Task details
Once you reach the line containing "p #|F|) x ^+ (p ^ i)." in the data below, restate each line word for word up to and including the one containing "by rewrite (negbTE c_neq1) => /eqP.".
─── Supplied information ───
(* Let $q$ be a power of an odd prime with $q\equiv1\pmod 4$, $t=\frac{q-1}{4}$, $T$ a generator of $\widehat{\mathbb F_q^{\times}}$, and $\lambda\in\mathbb F_q$ with $\lambda^4=1$. Then $$\frac{3}{q-1}\sum_{j=0}^{q-2}\frac{g(T^{j})^2\,g(T^{2t+j})^2}{g(T^{4j})}\,T^{4j}(4\lambda)=-6q+3q\,T^t(-1).$$
   Context: Characters are extended by $\chi(0)=0$. With $\mathrm{tr}:\mathbb F_q\to\mathbb F_p$ the trace, $\zeta$ a fixed primitive $p$-th root of unity and $\theta(x)=\zeta^{\mathrm{tr}(x)}$, the Gauss sum is $g(\chi)=\sum_{x\in\mathbb F_q}\chi(x)\theta(x)$ (so $g$ of the trivial character is $-1$). *)

From HB Require Import structures.
From mathcomp Require Import all_boot all_order all_algebra all_field.
Set Implicit Arguments. Unset Strict Implicit. Unset Printing Implicit Defensive.
Import Order.TTheory GRing.Theory Num.Theory.
Local Open Scope ring_scope.

Definition is_mchar (F : finFieldType) (chi : F -> algC) : Prop :=
  [/\ chi 0 = 0,
      (forall x y : F, chi (x * y) = chi x * chi y) &
      (forall x : F, x != 0 -> chi x != 0)].

(* j-th power of a character in the character group (still extended by 0 at 0;
   so the 0-th power is the trivial character with value 0 at 0). *)
Definition mchar_pow (F : finFieldType) (chi : F -> algC) (j : nat) (x : F) : algC :=
  if x == 0 then 0 else chi x ^+ j.

Definition mchar_generator (F : finFieldType) (T : F -> algC) : Prop :=
  is_mchar T /\
  forall chi : F -> algC, is_mchar chi ->
    exists j : nat, forall x : F, chi x = mchar_pow T j x.

(* Absolute trace F_q -> F_p, q = p^n, as an element of F (lies in the prime field). *)
Definition abs_trace (F : finFieldType) (p : nat) (x : F) : F :=
  \sum_(i < logn p #|F|) x ^+ (p ^ i).

Definition trace_nat (F : finFieldType) (p : nat) (x : F) : nat :=
  if [pick k : 'I_p | abs_trace p x == (k : nat)%:R] is Some k then (k : nat) else 0%N.

Definition theta (F : finFieldType) (p : nat) (zeta : algC) (x : F) : algC :=
  zeta ^+ trace_nat p x.

Definition gauss (F : finFieldType) (p : nat) (zeta : algC) (chi : F -> algC) : algC :=
  \sum_(x : F) chi x * theta p zeta x.

From HB Require Import structures.
From mathcomp Require Import all_boot all_order all_algebra all_field.
From mathcomp Require Import cyclic ring zify.
Set Implicit Arguments. Unset Strict Implicit. Unset Printing Implicit Defensive.
Import Order.TTheory GRing.Theory Num.Theory.
Local Open Scope ring_scope.

(* Write G j for the Gauss sum of T ^ j, n = q - 1 = 4 t and phi = T ^ (2 t) for
   the quadratic character.  When 4 j is not divisible by n, the relations
   G a * G b = J(a, b) * G (a + b) together with the duplication formula
   T ^ a (4) * J(a, a) = J(phi, T ^ a) turn the j-th summand into
   q * J(phi, T ^ (2 j)); the four remaining summands j = 0, t, 2 t, 3 t are
   computed from G a * G (-a) = T ^ a (-1) * q.  Orthogonality gives
   sum_j J(phi, T ^ (2 j)) = n * phi(2), and phi(2) = T ^ t (-1) because
   2 = (1 + i) ^ 2 / i with i ^ 2 = -1. *)

Lemma mulr_fixed_eq0 (R : idomainType) (c s : R) : c != 1 -> c * s = s -> s = 0.
Proof.
move=> c_neq1 /eqP; rewrite -subr_eq0 -{2}(mul1r s) -mulrBl mulf_eq0 subr_eq0.
by rewrite (negbTE c_neq1) => /eqP.
Qed.

Lemma natr_eq_pchar (R : nzRingType) (p a b : nat) : p \in [pchar R] ->
  (a%:R == b%:R :> R) = (a == b %[mod p]).
Proof.
move=> pcharRp; wlog leba : a b / (b <= a)%N.
  move=> IH; case: (leqP b a) => [/IH //|/ltnW/IH].
  by rewrite eq_sym => ->; rewrite eq_sym.
by rewrite eqn_mod_dvd // (dvdn_pcharf pcharRp) natrB // subr_eq0.
Qed.

Section AbsTrace.
Variables (F : finFieldType) (p : nat).
Hypothesis pcharFp : p \in [pchar F].

Local Notation m := (logn p #|F|).
Local Notation tr := (@abs_trace F p).

Let p_pr : prime p := pcharf_prime pcharFp.

Lemma logn_card_gt0 : (0 < m)%N.
Proof.
rewrite lt0n; apply: contraTneq (finNzRing_gt1 F) => m0.
by rewrite (card_pprimeChar pcharFp) m0.
Qed.

Lemma exprD_pchar_pow (x y : F) i : (x + y) ^+ (p ^ i) = x ^+ (p ^ i) + y ^+ (p ^ i).
Proof. by rewrite exprDn_pchar // (eq_pnat _ (pcharf_eq pcharFp)) pnatX pnat_id. Qed.

Lemma abs_traceD (x y : F) : tr (x + y) = tr x + tr y.
Proof. by rewrite /abs_trace -big_split; apply: eq_bigr => i _; rewrite exprD_pchar_pow. Qed.

Lemma abs_trace0 : tr 0 = 0.
Proof.
by rewrite /abs_trace big1 // => i _; rewrite expr0n expn_eq0 (gtn_eqF (prime_gt0 p_pr)).
Qed.

(* The Frobenius map permutes the summands of the trace cyclically, as x ^+ q = x. *)
Lemma abs_trace_fixed (x : F) : tr x ^+ p = tr x.
Proof.
have cardF : #|F| = (p ^ m)%N := card_pprimeChar pcharFp.
rewrite -[_ ^+ p]/(pFrobenius_aut pcharFp (tr x)) /abs_trace rmorph_sum /=.
have := logn_card_gt0; case: m cardF => // k cardF _.
rewrite big_ord_recr big_ord_recl /= pFrobenius_autE -exprM -expnSr -cardF expf_card.
rewrite expn0 expr1 addrC; congr (_ + _); apply: eq_bigr => i _.
by rewrite pFrobenius_autE -exprM -expnSr.
Qed.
───
Response
  \sum_(i < logn p #|F|) x ^+ (p ^ i).

Definition trace_nat (F : finFieldType) (p : nat) (x : F) : nat :=
  if [pick k : 'I_p | abs_trace p x == (k : nat)%:R] is Some k then (k : nat) else 0%N.

Definition theta (F : finFieldType) (p : nat) (zeta : algC) (x : F) : algC :=
  zeta ^+ trace_nat p x.

Definition gauss (F : finFieldType) (p : nat) (zeta : algC) (chi : F -> algC) : algC :=
  \sum_(x : F) chi x * theta p zeta x.

From HB Require Import structures.
From mathcomp Require Import all_boot all_order all_algebra all_field.
From mathcomp Require Import cyclic ring zify.
Set Implicit Arguments. Unset Strict Implicit. Unset Printing Implicit Defensive.
Import Order.TTheory GRing.Theory Num.Theory.
Local Open Scope ring_scope.

(* Write G j for the Gauss sum of T ^ j, n = q - 1 = 4 t and phi = T ^ (2 t) for
   the quadratic character.  When 4 j is not divisible by n, the relations
   G a * G b = J(a, b) * G (a + b) together with the duplication formula
   T ^ a (4) * J(a, a) = J(phi, T ^ a) turn the j-th summand into
   q * J(phi, T ^ (2 j)); the four remaining summands j = 0, t, 2 t, 3 t are
   computed from G a * G (-a) = T ^ a (-1) * q.  Orthogonality gives
   sum_j J(phi, T ^ (2 j)) = n * phi(2), and phi(2) = T ^ t (-1) because
   2 = (1 + i) ^ 2 / i with i ^ 2 = -1. *)

Lemma mulr_fixed_eq0 (R : idomainType) (c s : R) : c != 1 -> c * s = s -> s = 0.
Proof.
move=> c_neq1 /eqP; rewrite -subr_eq0 -{2}(mul1r s) -mulrBl mulf_eq0 subr_eq0.
by rewrite (negbTE c_neq1) => /eqP.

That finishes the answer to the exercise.